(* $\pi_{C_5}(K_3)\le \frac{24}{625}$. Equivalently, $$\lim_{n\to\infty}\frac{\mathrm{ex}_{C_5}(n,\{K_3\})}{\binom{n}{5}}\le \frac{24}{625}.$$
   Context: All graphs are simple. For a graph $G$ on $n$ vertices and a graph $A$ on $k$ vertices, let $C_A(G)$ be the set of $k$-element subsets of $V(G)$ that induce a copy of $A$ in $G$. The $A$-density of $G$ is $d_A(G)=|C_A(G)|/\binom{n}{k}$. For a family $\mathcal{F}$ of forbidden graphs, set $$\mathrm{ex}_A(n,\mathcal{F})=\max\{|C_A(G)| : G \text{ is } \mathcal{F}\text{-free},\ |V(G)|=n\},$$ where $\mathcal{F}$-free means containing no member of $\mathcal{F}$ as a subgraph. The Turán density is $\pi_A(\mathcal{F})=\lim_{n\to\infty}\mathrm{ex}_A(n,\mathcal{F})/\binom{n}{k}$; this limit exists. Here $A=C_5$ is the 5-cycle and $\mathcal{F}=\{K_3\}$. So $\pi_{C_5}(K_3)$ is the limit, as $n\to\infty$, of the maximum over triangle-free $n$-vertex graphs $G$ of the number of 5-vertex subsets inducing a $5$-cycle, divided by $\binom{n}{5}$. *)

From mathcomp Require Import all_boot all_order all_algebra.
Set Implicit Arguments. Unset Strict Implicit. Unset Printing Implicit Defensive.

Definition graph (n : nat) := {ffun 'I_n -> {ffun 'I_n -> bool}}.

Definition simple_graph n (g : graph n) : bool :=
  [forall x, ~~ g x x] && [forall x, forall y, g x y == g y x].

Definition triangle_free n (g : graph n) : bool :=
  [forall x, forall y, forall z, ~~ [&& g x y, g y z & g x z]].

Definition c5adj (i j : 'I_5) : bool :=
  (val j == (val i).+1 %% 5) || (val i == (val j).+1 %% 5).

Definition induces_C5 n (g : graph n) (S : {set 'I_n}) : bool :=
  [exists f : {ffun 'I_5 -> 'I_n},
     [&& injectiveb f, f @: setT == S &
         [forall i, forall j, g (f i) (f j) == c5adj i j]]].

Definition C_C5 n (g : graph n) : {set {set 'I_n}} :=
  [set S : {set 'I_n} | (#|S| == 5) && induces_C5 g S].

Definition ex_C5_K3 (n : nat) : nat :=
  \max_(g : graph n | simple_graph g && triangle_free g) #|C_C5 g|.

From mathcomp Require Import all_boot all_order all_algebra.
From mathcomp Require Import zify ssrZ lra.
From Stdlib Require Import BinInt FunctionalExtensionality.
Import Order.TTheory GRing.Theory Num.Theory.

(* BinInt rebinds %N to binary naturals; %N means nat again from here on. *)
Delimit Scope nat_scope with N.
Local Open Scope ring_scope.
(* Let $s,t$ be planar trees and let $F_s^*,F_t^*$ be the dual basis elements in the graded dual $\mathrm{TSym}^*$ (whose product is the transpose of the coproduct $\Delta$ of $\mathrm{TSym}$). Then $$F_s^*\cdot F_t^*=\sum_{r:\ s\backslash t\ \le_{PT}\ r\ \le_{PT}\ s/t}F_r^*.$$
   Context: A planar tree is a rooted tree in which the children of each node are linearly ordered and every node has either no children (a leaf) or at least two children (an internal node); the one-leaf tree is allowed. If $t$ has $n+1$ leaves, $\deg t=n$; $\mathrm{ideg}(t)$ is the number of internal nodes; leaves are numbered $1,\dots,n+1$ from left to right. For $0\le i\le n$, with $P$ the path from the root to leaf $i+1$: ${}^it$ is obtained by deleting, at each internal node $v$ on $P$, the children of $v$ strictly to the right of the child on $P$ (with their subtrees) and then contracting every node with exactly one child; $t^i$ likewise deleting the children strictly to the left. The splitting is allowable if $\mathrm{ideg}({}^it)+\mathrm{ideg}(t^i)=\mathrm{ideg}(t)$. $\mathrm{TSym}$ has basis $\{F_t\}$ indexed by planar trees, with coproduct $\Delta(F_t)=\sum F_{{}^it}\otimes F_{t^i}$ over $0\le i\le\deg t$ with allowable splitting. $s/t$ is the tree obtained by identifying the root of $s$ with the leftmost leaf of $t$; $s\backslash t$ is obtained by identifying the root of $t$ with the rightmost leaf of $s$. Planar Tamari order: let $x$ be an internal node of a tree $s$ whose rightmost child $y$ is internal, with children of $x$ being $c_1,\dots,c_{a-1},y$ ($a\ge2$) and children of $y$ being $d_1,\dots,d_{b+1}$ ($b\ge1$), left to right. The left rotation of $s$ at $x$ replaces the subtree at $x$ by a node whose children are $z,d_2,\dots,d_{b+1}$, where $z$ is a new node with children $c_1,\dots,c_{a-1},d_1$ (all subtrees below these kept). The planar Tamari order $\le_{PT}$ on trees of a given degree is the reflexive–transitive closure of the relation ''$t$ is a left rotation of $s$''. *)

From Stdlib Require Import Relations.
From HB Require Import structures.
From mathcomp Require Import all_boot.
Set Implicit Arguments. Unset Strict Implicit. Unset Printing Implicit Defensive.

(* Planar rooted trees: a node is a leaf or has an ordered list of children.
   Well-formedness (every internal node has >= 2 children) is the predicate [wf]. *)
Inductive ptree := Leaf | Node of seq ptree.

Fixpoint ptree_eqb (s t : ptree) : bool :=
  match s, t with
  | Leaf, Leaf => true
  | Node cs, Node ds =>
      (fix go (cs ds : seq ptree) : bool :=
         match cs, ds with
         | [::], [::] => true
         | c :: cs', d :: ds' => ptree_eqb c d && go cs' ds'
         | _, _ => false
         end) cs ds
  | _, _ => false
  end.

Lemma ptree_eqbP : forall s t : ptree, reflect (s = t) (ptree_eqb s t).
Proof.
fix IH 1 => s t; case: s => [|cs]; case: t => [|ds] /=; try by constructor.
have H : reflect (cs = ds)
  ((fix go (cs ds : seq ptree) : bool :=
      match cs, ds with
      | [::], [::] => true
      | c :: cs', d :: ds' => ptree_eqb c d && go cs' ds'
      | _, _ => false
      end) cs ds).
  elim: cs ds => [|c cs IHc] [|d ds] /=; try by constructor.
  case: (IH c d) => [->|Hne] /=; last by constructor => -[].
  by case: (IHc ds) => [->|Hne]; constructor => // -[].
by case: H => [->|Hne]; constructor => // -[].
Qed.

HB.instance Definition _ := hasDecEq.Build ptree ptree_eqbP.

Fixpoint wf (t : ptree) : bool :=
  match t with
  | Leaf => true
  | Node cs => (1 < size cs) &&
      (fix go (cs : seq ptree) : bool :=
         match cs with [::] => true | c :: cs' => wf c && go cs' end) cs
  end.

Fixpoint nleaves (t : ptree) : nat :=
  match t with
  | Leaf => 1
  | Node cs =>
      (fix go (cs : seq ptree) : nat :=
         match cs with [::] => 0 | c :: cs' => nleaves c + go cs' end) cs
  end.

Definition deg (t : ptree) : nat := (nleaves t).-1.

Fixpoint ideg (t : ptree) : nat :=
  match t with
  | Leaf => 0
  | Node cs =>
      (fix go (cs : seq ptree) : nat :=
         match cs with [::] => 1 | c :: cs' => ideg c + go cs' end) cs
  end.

→ **REQUIREMENT**:
The lines to retype run from the start of the entries through the line containing "From Stdlib Require Import BinInt"; reproduce them exactly and add nothing.

→ **OUTPUT FOR THIS EXERCISE**:
(* $\pi_{C_5}(K_3)\le \frac{24}{625}$. Equivalently, $$\lim_{n\to\infty}\frac{\mathrm{ex}_{C_5}(n,\{K_3\})}{\binom{n}{5}}\le \frac{24}{625}.$$
   Context: All graphs are simple. For a graph $G$ on $n$ vertices and a graph $A$ on $k$ vertices, let $C_A(G)$ be the set of $k$-element subsets of $V(G)$ that induce a copy of $A$ in $G$. The $A$-density of $G$ is $d_A(G)=|C_A(G)|/\binom{n}{k}$. For a family $\mathcal{F}$ of forbidden graphs, set $$\mathrm{ex}_A(n,\mathcal{F})=\max\{|C_A(G)| : G \text{ is } \mathcal{F}\text{-free},\ |V(G)|=n\},$$ where $\mathcal{F}$-free means containing no member of $\mathcal{F}$ as a subgraph. The Turán density is $\pi_A(\mathcal{F})=\lim_{n\to\infty}\mathrm{ex}_A(n,\mathcal{F})/\binom{n}{k}$; this limit exists. Here $A=C_5$ is the 5-cycle and $\mathcal{F}=\{K_3\}$. So $\pi_{C_5}(K_3)$ is the limit, as $n\to\infty$, of the maximum over triangle-free $n$-vertex graphs $G$ of the number of 5-vertex subsets inducing a $5$-cycle, divided by $\binom{n}{5}$. *)

From mathcomp Require Import all_boot all_order all_algebra.
Set Implicit Arguments. Unset Strict Implicit. Unset Printing Implicit Defensive.

Definition graph (n : nat) := {ffun 'I_n -> {ffun 'I_n -> bool}}.

Definition simple_graph n (g : graph n) : bool :=
  [forall x, ~~ g x x] && [forall x, forall y, g x y == g y x].

Definition triangle_free n (g : graph n) : bool :=
  [forall x, forall y, forall z, ~~ [&& g x y, g y z & g x z]].

Definition c5adj (i j : 'I_5) : bool :=
  (val j == (val i).+1 %% 5) || (val i == (val j).+1 %% 5).

Definition induces_C5 n (g : graph n) (S : {set 'I_n}) : bool :=
  [exists f : {ffun 'I_5 -> 'I_n},
     [&& injectiveb f, f @: setT == S &
         [forall i, forall j, g (f i) (f j) == c5adj i j]]].

Definition C_C5 n (g : graph n) : {set {set 'I_n}} :=
  [set S : {set 'I_n} | (#|S| == 5) && induces_C5 g S].

Definition ex_C5_K3 (n : nat) : nat :=
  \max_(g : graph n | simple_graph g && triangle_free g) #|C_C5 g|.

From mathcomp Require Import all_boot all_order all_algebra.
From mathcomp Require Import zify ssrZ lra.
From Stdlib Require Import BinInt FunctionalExtensionality.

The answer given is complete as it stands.